Required work
In the listing below, every line with the word "normrN" needs to be copied.
╭─ Supplied records
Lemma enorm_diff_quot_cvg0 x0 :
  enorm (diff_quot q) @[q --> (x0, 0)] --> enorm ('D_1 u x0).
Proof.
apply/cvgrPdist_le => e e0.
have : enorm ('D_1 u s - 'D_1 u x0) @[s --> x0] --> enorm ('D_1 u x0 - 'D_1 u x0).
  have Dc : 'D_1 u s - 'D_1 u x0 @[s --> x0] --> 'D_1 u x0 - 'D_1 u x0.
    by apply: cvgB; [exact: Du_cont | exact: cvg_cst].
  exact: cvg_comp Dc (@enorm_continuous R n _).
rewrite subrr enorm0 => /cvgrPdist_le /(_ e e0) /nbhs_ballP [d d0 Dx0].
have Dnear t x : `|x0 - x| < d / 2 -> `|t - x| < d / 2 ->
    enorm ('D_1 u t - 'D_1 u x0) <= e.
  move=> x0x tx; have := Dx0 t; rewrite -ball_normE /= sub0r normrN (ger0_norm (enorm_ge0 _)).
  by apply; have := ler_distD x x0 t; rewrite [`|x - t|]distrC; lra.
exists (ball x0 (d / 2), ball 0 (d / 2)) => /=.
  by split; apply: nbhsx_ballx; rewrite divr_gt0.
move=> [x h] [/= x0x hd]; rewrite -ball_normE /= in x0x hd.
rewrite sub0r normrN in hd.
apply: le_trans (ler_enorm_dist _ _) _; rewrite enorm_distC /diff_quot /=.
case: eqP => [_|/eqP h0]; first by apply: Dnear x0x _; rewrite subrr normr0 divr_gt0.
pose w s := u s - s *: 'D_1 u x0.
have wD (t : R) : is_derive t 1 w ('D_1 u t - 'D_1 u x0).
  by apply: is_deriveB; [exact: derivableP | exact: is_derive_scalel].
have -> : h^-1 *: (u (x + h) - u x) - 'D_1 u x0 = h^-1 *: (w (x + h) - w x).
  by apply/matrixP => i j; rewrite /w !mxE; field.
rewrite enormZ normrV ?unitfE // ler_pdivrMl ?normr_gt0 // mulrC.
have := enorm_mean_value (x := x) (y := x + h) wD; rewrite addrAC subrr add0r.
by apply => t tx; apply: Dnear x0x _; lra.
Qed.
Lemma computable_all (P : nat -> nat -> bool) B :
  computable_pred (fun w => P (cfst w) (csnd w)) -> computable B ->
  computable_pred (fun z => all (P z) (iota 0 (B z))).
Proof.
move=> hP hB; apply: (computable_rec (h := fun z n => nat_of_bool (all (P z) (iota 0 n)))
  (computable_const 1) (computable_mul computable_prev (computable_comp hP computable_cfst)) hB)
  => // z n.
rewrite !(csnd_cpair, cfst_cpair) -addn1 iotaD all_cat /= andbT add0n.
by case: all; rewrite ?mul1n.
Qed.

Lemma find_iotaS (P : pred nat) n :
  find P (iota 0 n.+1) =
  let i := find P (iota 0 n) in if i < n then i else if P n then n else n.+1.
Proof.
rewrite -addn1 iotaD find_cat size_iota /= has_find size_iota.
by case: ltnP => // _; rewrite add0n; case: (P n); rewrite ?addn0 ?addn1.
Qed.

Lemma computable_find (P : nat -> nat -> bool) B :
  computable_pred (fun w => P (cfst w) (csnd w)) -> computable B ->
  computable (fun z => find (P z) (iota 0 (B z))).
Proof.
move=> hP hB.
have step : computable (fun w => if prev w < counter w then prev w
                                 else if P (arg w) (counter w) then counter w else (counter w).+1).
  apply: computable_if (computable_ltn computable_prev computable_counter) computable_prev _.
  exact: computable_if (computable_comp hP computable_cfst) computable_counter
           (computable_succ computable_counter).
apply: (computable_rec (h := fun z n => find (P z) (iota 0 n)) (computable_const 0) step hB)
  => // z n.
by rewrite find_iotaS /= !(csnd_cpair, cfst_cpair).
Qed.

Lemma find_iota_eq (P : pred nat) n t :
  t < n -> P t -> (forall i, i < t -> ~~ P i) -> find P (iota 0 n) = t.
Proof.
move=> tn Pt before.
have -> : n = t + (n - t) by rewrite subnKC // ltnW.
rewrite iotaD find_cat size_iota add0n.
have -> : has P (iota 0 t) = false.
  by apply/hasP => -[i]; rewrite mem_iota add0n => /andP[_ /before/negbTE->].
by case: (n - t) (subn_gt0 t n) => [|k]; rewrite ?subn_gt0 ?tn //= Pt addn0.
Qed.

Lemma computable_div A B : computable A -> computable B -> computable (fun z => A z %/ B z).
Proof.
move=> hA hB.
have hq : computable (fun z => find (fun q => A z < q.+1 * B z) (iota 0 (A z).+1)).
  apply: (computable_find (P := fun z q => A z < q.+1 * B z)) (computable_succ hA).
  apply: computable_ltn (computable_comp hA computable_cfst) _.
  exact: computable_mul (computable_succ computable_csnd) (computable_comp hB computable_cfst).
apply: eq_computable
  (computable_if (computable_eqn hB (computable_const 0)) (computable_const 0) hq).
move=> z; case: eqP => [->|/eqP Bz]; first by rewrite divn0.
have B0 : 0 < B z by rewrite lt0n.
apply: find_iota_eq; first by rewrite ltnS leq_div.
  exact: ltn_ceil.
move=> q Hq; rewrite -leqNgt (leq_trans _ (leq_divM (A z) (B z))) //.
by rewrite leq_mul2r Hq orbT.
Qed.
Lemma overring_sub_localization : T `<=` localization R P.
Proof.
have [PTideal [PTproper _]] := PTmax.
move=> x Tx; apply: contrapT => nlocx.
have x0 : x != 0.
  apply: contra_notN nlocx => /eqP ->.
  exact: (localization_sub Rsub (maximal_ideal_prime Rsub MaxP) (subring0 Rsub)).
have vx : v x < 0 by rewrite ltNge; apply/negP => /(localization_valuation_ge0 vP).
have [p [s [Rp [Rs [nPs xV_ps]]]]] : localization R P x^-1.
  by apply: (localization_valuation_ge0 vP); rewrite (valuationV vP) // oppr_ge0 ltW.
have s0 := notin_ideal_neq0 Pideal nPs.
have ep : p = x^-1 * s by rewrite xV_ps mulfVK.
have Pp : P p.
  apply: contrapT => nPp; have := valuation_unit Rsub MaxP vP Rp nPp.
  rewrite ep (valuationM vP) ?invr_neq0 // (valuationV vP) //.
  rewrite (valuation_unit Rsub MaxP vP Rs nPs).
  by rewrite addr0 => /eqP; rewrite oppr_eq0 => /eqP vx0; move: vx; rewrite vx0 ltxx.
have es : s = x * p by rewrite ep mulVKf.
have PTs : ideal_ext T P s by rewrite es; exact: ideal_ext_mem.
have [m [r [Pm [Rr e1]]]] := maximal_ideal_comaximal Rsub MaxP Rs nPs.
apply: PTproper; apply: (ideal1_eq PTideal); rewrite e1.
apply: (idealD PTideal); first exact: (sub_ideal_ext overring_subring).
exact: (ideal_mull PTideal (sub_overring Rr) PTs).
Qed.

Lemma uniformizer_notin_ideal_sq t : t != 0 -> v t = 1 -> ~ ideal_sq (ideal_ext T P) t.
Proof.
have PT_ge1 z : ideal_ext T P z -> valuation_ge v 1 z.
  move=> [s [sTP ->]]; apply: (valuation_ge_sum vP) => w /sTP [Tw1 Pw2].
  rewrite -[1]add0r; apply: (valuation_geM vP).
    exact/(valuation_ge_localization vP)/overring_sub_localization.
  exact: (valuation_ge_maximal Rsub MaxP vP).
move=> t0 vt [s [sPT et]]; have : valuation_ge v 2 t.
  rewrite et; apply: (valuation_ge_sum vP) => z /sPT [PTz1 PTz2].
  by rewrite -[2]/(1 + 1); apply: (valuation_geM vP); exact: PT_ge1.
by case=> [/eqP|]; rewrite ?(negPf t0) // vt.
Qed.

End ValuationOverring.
╰─
Output
  move=> x0x tx; have := Dx0 t; rewrite -ball_normE /= sub0r normrN (ger0_norm (enorm_ge0 _)).
rewrite sub0r normrN in hd.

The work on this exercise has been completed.